Comment by danarmak

2 years ago

It will at the very least notice that the read data does not match the stored checksum and not return the garbage data to the application. In redundant (raidz) setups it will then read the data from another disk, and update the faulty disk. In a non-redundant setup (or if enough disks are corrupted) it will signal an IO error.

An error is preferred to silently returning garbage data!

The "zeroed-out file" problem is not about firmware lying though, it is about applications using fsync() wrongly or not at all. Look up the O_PONIES controversy.

Sure, due to their COW nature zfs and btrfs provide better behavior despite broken applications. But you can't solve persistence in the face of lying firmware.

Even thought zfs has some enhancements to not corrupt itself on such drives, if you run for example a database on top, all guarantees around commit go out the window.

  • "Renaming a file should always happen-after pending writes to that file" is not a big pony. I think it's a reasonable request even in the absence of fsync.

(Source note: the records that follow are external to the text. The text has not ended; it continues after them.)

(* Let $\ell\ge2$, $r_0,\dots,r_\ell\ge1$ integers, $d_0,\dots,d_\ell$ integers with $d_V=\sum_kd_k=0$ and $d_0+d_1\le0$, and let $c$ be a real number with $c>\max_k d_k/r_k$. Then $\Delta_{\Sigma_2}>0$, where $$\Delta_{\Sigma_2}=\sum_{k=2}^\ell\frac{d_k\big(2r_k(1+r_V)c-(r_V+2)d_k\big)}{(r_V+1)r_Vc\,[r_k(r_V+2)c-2d_k]}+\frac{r_V(r_V+2)(r_V+1)c^2-2(r_V+1)(r_V-r_0-r_1)\mu_{01}c-(r_V+2)(d_1+d_0)\mu_{01}}{r_V(r_V+1)c\,[(r_V+2)c-2\mu_{01}]}.$$
   Context: $r_V=\sum_{k=0}^\ell r_k$ and $\mu_{01}=\frac{d_0+d_1}{r_0+r_1}$. *)

From mathcomp Require Import all_boot all_order all_algebra.
From mathcomp Require Import reals.
Set Implicit Arguments. Unset Strict Implicit. Unset Printing Implicit Defensive.
Import Order.TTheory GRing.Theory Num.Theory.
Local Open Scope ring_scope.

Definition rV (R : realType) (l : nat) (r : nat -> nat) : R :=
  (\sum_(0 <= k < l.+1) r k)%:R.

Definition mu01 (R : realType) (r : nat -> nat) (d : nat -> int) : R :=
  ((d 0%N)%:~R + (d 1%N)%:~R) / ((r 0%N)%:R + (r 1%N)%:R).

Definition DeltaSigma2 (R : realType) (l : nat) (r : nat -> nat)
    (d : nat -> int) (c : R) : R :=
  let rv := rV R l r in
  let mu := mu01 R r d in
  let rk k : R := (r k)%:R in
  let dk k : R := (d k)%:~R in
  \sum_(2 <= k < l.+1)
     (dk k * (2 * rk k * (1 + rv) * c - (rv + 2) * dk k)) /
     ((rv + 1) * rv * c * (rk k * (rv + 2) * c - 2 * dk k))
  + (rv * (rv + 2) * (rv + 1) * c ^+ 2
     - 2 * (rv + 1) * (rv - rk 0%N - rk 1%N) * mu * c
     - (rv + 2) * (dk 1%N + dk 0%N) * mu) /
    (rv * (rv + 1) * c * ((rv + 2) * c - 2 * mu)).

From mathcomp Require Import all_boot all_order all_algebra.
From mathcomp Require Import reals.
From mathcomp Require Import ring lra.
Set Implicit Arguments. Unset Strict Implicit. Unset Printing Implicit Defensive.
Import Order.TTheory GRing.Theory Num.Theory.
Local Open Scope ring_scope.

(** Write V for r_V.  Apart from the constant 1 hidden in the last fraction,
    Delta is a sum of terms f(r, x) over the blocks (r_k, d_k), k >= 2, and the
    merged block (r_0 + r_1, d_0 + d_1).  Whenever x < r c, f(r, x) exceeds the
    affine function (V+2) x / (2 (V+1) V c) - r / V; summed over all blocks
    these affine bounds add up to (V+2) d_V / (2 (V+1) V c) - r_V / V = -1,
    hence Delta > 1 - 1 = 0. *)

Lemma sum_nat_first2 (M : nmodType) (n : nat) (F : nat -> M) : (1 < n)%N ->
  \sum_(0 <= k < n) F k = F 0%N + F 1%N + \sum_(2 <= k < n) F k.
Proof. by move=> n_gt1; rewrite big_ltn ?(ltn_trans _ n_gt1) // big_ltn // addrA. Qed.

Section BlockTerms.

Variables (R : realFieldType) (V c : R).
Hypotheses (V_gt0 : 0 < V) (c_gt0 : 0 < c).

Let V1_gt0 : 0 < V + 1. Proof. by rewrite addr_gt0. Qed.
Let V2_gt0 : 0 < V + 2. Proof. by rewrite addr_gt0. Qed.

Definition block_term (r x : R) : R :=
  x * (2 * r * (1 + V) * c - (V + 2) * x) /
  ((V + 1) * V * c * (r * (V + 2) * c - 2 * x)).

Definition block_bound (r x : R) : R :=
  (V + 2) * x / (2 * ((V + 1) * V * c)) - r / V.

Lemma block_bound_lt_term (r x : R) :
  0 < r -> x < r * c -> block_bound r x < block_term r x.
Proof.
move=> r_gt0 x_lt.
have rVc_gt0 : 0 < r * V * c by rewrite !mulr_gt0.
have den_gt0 : 0 < r * (V + 2) * c - 2 * x by nra.
have num_gt0 : 0 < 2 * r * (V + 1) * c - (V + 2) * x.
  have -> : 2 * r * (V + 1) * c - (V + 2) * x = (V + 2) * (r * c - x) + r * V * c
    by ring.
  by rewrite addr_gt0 // mulr_gt0 ?subr_gt0.
have gapE : block_term r x - block_bound r x =
    (V + 2) * r * c * (2 * r * (V + 1) * c - (V + 2) * x) /
    (2 * ((V + 1) * V * c) * (r * (V + 2) * c - 2 * x)).
  by rewrite /block_term /block_bound; field; rewrite !lt0r_neq0.
rewrite -subr_gt0 gapE divr_gt0 // !mulr_gt0 //.
Qed.

Lemma block_boundD (r1 r2 x1 x2 : R) :
  block_bound (r1 + r2) (x1 + x2) = block_bound r1 x1 + block_bound r2 x2.
Proof. by rewrite /block_bound; ring. Qed.

Lemma sum_block_bound (I : Type) (s : seq I) (r x : I -> R) :
  \sum_(i <- s) block_bound (r i) (x i) =
  block_bound (\sum_(i <- s) r i) (\sum_(i <- s) x i).
Proof. by rewrite /block_bound sumrB -!mulr_suml -mulr_sumr. Qed.

Lemma block_bound_total : block_bound V 0 = -1.
Proof. by rewrite /block_bound mulr0 mul0r sub0r divff ?lt0r_neq0. Qed.

Lemma merged_block_termE (r0 r1 x0 x1 : R) :
  0 < r0 + r1 -> x0 + x1 < (r0 + r1) * c ->
  (V * (V + 2) * (V + 1) * c ^+ 2
     - 2 * (V + 1) * (V - r0 - r1) * ((x0 + x1) / (r0 + r1)) * c
     - (V + 2) * (x1 + x0) * ((x0 + x1) / (r0 + r1))) /
  (V * (V + 1) * c * ((V + 2) * c - 2 * ((x0 + x1) / (r0 + r1))))
  = 1 + block_term (r0 + r1) (x0 + x1).
Proof.
move=> r_gt0 x_lt; set mu := (x0 + x1) / (r0 + r1).
have mu_lt : mu < c by rewrite ltr_pdivrMr // mulrC.
have rVc_gt0 : 0 < (r0 + r1) * V * c by rewrite !mulr_gt0.
have den_gt0 : 0 < (r0 + r1) * (V + 2) * c - 2 * (x0 + x1) by nra.
have mu_den_gt0 : 0 < (V + 2) * c - 2 * mu by nra.
by rewrite /mu /block_term; field; rewrite !lt0r_neq0 //; lra.
Qed.

Lemma sum_block_term_gt (I : eqType) (s : seq I) (r x : I -> R) (r0 x0 : R) :
  0 < r0 -> x0 < r0 * c ->
  (forall i, i \in s -> 0 < r i) -> (forall i, i \in s -> x i < r i * c) ->
  r0 + \sum_(i <- s) r i = V -> x0 + \sum_(i <- s) x i = 0 ->
  -1 < block_term r0 x0 + \sum_(i <- s) block_term (r i) (x i).
Proof.
move=> r0_gt0 x0_lt r_gt0 x_lt sum_r sum_x.
have -> : -1 = block_bound r0 x0 + \sum_(i <- s) block_bound (r i) (x i).
  by rewrite sum_block_bound -block_boundD sum_r sum_x block_bound_total.
rewrite ltr_leD ?block_bound_lt_term // big_seq [leRHS]big_seq.
by apply: ler_sum => i s_i; rewrite ltW ?block_bound_lt_term ?r_gt0 ?x_lt.
Qed.

End BlockTerms.

Lemma DeltaSigma2E (R : realType) (l : nat) (r : nat -> nat) (d : nat -> int)
    (c : R) :
  let V := rV R l r in let r01 : R := (r 0%N)%:R + (r 1%N)%:R in
  0 < V -> 0 < c -> 0 < r01 -> (d 0%N)%:~R + (d 1%N)%:~R < r01 * c ->
  DeltaSigma2 l r d c = 1 + (block_term V c r01 ((d 0%N)%:~R + (d 1%N)%:~R)
    + \sum_(2 <= k < l.+1) block_term V c (r k)%:R (d k)%:~R).
Proof.
move=> V r01 V_gt0 c_gt0 *; rewrite /DeltaSigma2 /= merged_block_termE //.
by rewrite addrCA; congr (_ + _); rewrite addrC.
Qed.

Theorem lemma3p21 (R : realType) (l : nat) (r : nat -> nat) (d : nat -> int)
    (c : R) :
  (2 <= l)%N ->
  (forall k, (k <= l)%N -> (1 <= r k)%N) ->
  (\sum_(0 <= k < l.+1) d k = 0)%R ->
  (d 0%N + d 1%N <= 0)%R ->
  (forall k, (k <= l)%N -> (d k)%:~R / (r k)%:R < c) ->
  0 < DeltaSigma2 l r d c.
Proof.
move=> l_ge2 r_ge1 sum_d _ d_lt_c.
set V := rV R l r.
have r_gt0 k : (k <= l)%N -> 0 < (r k)%:R :> R by move/r_ge1; rewrite ltr0n.
have d_lt k : (k <= l)%N -> (d k)%:~R < (r k)%:R * c :> R.
  by move=> kl; rewrite mulrC -ltr_pdivrMr ?r_gt0 ?d_lt_c.
have sum_r : \sum_(0 <= k < l.+1) ((r k)%:R : R) = V by rewrite /V /rV natr_sum.
have sum_dR : \sum_(0 <= k < l.+1) ((d k)%:~R : R) = 0.
  by rewrite -(rmorph_sum intr) sum_d.
have V_gt0 : 0 < V by rewrite /V /rV ltr0n big_ltn // addn_gt0 r_ge1.
have c_gt0 : 0 < c.
  have : \sum_(0 <= k < l.+1) ((d k)%:~R : R) < \sum_(0 <= k < l.+1) (r k)%:R * c.
    by apply: ltr_sum_nat => // k /andP[_ kl]; apply: d_lt.
  by rewrite sum_dR -mulr_suml sum_r pmulr_rgt0.
have l_gt1 : (1 < l.+1)%N by rewrite ltnS ltnW.
rewrite (sum_nat_first2 _ l_gt1) in sum_r; rewrite (sum_nat_first2 _ l_gt1) in sum_dR.
have r01_gt0 : 0 < (r 0%N)%:R + (r 1%N)%:R :> R by rewrite addr_gt0 ?r_gt0 // ltnW.
have d01_lt : (d 0%N)%:~R + (d 1%N)%:~R < ((r 0%N)%:R + (r 1%N)%:R) * c :> R.
  by rewrite mulrDl ltrD ?d_lt // ltnW.
rewrite DeltaSigma2E // -ltrBlDl sub0r.
apply: sum_block_term_gt => // k; rewrite mem_index_iota => /andP[_ kl].
- exact: r_gt0.
- exact: d_lt.
Qed.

    • Well, for one rename() is not always meant to be durable. It can also be used for IPC, for example some mail servers use it to move mails between queues. Flushing before every rename is unexpected in that situation.

      Fun fact: rename() is atomic with respect to running applications per POSIX, that the on-disk rename is also atomic is only incidental.

      1 reply →

As an aside, can you still get the bad checksum file contents with zfs? Eg if it's a big database with its own checksums you might want to run a db level recovery on it.